Start of Block

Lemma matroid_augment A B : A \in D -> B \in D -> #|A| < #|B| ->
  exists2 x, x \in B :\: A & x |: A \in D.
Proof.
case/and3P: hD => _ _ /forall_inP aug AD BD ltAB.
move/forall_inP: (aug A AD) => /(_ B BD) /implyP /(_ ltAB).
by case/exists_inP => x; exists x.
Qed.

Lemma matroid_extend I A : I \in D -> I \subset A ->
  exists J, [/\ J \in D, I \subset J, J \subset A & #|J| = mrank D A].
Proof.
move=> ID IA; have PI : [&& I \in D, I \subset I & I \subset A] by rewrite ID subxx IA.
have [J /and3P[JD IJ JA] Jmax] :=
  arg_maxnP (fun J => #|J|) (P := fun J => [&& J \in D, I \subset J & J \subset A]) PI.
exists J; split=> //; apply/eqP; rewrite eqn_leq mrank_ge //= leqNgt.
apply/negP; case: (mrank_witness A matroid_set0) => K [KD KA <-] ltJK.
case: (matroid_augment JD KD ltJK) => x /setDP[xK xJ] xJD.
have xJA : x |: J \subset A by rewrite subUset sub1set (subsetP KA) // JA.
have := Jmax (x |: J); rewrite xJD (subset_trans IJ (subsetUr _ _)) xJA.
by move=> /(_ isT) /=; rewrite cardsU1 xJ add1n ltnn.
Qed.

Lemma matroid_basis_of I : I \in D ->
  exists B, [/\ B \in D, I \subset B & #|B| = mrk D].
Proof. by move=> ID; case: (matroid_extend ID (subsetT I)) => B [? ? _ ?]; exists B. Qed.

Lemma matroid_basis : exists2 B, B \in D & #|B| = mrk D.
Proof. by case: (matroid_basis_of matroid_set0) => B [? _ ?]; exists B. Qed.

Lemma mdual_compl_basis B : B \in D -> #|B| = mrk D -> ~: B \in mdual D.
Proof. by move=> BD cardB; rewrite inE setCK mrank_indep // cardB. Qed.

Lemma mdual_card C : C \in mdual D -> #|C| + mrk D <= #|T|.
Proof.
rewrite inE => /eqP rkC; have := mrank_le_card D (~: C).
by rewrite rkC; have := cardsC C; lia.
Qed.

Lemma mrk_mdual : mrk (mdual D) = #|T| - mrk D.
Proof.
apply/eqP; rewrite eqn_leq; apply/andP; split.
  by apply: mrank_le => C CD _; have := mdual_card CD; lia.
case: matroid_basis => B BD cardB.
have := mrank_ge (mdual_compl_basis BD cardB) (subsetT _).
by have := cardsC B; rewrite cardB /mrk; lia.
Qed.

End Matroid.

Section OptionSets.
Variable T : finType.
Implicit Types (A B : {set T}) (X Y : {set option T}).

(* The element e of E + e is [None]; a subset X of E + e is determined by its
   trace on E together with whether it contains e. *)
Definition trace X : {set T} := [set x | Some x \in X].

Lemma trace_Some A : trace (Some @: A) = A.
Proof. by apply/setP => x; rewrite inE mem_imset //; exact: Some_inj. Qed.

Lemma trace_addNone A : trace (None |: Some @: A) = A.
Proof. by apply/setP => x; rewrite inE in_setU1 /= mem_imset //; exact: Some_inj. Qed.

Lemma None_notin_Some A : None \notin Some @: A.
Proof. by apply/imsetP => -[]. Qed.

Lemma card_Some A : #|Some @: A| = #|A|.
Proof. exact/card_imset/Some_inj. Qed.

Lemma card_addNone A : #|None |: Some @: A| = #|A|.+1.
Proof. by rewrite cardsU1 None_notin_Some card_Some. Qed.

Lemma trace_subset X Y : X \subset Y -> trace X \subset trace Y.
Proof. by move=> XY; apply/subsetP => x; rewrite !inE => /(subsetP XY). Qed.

End of Block
Start of Block

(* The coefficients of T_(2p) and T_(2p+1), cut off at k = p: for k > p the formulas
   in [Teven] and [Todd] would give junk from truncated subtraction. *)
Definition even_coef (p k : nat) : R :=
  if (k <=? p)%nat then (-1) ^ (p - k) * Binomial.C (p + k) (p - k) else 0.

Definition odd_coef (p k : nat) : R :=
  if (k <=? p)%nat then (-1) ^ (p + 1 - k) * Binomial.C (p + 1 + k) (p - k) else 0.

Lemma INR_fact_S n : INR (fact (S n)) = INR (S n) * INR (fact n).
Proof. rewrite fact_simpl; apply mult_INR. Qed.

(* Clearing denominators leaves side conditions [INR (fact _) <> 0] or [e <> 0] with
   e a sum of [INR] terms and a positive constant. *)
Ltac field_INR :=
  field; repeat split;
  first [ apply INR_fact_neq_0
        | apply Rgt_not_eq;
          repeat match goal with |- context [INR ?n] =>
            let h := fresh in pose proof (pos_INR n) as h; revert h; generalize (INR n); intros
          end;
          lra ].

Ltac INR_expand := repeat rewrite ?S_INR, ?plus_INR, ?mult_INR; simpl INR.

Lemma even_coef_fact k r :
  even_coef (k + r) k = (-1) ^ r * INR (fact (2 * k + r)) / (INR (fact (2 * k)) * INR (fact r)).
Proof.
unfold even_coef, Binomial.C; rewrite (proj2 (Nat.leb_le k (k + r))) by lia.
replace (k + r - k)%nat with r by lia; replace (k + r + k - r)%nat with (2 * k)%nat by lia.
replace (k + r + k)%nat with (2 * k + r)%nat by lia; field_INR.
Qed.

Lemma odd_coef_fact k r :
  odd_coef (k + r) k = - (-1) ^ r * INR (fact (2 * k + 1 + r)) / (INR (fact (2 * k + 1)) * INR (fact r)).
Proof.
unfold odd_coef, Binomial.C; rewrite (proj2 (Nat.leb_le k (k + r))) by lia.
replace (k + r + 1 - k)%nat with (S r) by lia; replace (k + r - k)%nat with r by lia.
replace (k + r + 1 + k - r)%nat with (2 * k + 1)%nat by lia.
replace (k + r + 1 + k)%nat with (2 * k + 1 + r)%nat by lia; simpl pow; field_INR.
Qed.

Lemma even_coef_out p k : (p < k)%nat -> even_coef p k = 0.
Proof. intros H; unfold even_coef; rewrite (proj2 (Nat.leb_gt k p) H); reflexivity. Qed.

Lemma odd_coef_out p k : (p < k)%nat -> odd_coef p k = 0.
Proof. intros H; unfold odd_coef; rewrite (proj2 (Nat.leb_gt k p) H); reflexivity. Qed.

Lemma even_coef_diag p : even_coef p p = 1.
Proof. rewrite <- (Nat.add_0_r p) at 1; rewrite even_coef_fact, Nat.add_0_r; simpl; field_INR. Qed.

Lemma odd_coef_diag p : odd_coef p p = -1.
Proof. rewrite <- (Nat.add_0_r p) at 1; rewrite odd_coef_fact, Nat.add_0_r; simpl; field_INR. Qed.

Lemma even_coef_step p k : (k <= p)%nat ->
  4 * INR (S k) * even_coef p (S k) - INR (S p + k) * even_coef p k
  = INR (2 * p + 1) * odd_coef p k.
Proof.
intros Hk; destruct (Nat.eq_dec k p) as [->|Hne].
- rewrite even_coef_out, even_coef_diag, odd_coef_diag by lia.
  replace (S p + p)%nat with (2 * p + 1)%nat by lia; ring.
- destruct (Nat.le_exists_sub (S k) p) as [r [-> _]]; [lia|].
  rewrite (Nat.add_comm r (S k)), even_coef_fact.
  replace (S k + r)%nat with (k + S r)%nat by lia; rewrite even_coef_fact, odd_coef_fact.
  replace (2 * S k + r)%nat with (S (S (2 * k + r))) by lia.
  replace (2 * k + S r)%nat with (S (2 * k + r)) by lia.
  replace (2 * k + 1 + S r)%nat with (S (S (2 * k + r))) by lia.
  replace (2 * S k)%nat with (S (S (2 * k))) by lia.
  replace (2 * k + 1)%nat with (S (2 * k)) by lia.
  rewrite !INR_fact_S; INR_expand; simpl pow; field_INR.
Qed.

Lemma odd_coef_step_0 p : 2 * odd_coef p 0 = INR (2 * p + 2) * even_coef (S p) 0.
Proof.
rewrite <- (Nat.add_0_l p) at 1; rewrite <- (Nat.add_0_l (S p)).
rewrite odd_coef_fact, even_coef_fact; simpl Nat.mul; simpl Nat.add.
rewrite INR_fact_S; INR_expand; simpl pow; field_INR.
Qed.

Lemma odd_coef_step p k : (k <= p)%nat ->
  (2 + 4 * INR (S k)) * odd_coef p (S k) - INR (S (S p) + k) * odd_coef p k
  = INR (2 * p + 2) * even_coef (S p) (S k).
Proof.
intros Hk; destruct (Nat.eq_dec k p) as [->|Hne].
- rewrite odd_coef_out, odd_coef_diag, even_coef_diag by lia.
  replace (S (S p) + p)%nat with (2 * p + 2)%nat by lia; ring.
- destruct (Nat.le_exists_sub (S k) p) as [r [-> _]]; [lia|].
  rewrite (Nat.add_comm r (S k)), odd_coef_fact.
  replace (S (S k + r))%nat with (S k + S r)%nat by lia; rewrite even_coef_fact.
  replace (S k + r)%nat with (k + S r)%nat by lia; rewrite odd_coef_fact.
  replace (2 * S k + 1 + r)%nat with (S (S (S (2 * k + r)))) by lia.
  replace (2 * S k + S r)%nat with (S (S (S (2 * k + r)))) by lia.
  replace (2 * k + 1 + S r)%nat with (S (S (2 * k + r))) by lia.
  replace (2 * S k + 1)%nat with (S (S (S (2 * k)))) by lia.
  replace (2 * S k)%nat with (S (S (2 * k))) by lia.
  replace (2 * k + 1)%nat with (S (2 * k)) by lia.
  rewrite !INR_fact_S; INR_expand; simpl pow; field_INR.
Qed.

End of Block
Start of Block

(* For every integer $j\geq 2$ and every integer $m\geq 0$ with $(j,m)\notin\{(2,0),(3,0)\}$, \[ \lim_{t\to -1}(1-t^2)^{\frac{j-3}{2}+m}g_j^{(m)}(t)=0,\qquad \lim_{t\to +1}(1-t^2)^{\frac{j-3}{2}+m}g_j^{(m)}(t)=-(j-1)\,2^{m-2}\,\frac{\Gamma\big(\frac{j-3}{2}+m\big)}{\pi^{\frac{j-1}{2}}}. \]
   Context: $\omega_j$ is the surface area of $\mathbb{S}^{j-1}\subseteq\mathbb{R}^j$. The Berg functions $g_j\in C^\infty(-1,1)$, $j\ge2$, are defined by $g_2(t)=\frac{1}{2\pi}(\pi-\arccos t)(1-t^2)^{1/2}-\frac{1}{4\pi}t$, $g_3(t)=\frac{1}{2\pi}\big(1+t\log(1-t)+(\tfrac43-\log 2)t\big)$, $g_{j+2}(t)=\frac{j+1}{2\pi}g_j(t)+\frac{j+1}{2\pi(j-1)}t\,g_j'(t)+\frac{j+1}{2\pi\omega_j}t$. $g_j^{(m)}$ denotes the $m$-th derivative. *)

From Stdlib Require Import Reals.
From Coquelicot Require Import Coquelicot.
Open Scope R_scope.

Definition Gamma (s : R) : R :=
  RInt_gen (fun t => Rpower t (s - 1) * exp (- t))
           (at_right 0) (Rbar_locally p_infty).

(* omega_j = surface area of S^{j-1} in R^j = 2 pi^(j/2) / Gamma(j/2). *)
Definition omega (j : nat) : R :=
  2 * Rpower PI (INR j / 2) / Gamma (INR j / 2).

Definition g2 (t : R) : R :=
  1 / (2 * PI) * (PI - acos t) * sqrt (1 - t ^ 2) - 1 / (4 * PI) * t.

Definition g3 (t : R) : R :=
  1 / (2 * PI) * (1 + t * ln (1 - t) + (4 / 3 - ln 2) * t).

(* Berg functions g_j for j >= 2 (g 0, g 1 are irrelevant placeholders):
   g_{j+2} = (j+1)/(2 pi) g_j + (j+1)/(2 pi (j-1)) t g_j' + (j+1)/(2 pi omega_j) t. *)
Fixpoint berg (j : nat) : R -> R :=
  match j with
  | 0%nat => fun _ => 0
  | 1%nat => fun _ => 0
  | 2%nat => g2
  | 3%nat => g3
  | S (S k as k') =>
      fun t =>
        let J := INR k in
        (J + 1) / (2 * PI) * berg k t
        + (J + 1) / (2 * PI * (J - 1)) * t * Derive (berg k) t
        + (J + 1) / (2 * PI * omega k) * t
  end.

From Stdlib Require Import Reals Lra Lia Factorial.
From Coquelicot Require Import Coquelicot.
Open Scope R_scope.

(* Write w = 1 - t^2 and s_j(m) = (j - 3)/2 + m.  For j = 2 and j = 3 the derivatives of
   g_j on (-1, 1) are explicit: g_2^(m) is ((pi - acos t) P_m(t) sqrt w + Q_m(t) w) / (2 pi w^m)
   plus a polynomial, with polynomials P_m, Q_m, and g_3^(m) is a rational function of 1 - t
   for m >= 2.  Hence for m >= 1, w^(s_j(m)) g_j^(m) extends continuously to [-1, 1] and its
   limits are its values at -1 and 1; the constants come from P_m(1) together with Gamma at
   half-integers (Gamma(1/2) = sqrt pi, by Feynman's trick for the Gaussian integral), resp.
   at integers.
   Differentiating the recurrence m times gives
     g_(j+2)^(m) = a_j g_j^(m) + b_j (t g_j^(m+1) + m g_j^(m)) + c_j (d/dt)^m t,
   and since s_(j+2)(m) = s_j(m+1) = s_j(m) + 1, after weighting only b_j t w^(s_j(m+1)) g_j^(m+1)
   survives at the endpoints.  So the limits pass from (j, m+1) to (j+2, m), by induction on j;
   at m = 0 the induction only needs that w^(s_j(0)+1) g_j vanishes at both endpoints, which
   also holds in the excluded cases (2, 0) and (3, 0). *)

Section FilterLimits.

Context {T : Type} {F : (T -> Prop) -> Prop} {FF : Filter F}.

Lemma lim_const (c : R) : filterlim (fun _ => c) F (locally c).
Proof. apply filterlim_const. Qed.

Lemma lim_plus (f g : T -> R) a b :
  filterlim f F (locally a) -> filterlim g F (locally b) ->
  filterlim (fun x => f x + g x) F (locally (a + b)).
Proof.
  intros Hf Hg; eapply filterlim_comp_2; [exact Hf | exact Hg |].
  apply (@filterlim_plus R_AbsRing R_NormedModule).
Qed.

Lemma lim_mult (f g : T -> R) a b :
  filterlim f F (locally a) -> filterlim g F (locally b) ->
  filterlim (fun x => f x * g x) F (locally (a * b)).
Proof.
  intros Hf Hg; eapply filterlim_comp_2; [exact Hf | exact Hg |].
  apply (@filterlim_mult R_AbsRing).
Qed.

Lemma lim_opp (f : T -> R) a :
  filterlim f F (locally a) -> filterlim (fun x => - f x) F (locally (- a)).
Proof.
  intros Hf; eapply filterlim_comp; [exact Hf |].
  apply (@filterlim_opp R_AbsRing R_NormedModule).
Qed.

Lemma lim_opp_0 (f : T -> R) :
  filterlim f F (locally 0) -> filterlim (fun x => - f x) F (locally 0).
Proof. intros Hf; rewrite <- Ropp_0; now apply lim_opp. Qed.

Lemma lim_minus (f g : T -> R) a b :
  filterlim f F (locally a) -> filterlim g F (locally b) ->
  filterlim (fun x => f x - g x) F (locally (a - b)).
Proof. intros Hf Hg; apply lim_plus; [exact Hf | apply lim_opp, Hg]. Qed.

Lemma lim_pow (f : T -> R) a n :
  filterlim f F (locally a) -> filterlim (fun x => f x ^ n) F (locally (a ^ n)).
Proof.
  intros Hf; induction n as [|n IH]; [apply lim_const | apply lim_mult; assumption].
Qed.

End of Block

EXERCISE REQUIREMENTS.
Scan the entries above for the line containing "replace (k + r + 1 + k - r)%nat", and copy it and all lines after it exactly, down to and including the line containing "Lemma even_coef_diag p : even_coef p p = 1.".

SOLUTION.
replace (k + r + 1 + k - r)%nat with (2 * k + 1)%nat by lia.
replace (k + r + 1 + k)%nat with (2 * k + 1 + r)%nat by lia; simpl pow; field_INR.
Qed.

Lemma even_coef_out p k : (p < k)%nat -> even_coef p k = 0.
Proof. intros H; unfold even_coef; rewrite (proj2 (Nat.leb_gt k p) H); reflexivity. Qed.

Lemma odd_coef_out p k : (p < k)%nat -> odd_coef p k = 0.
Proof. intros H; unfold odd_coef; rewrite (proj2 (Nat.leb_gt k p) H); reflexivity. Qed.

Lemma even_coef_diag p : even_coef p p = 1.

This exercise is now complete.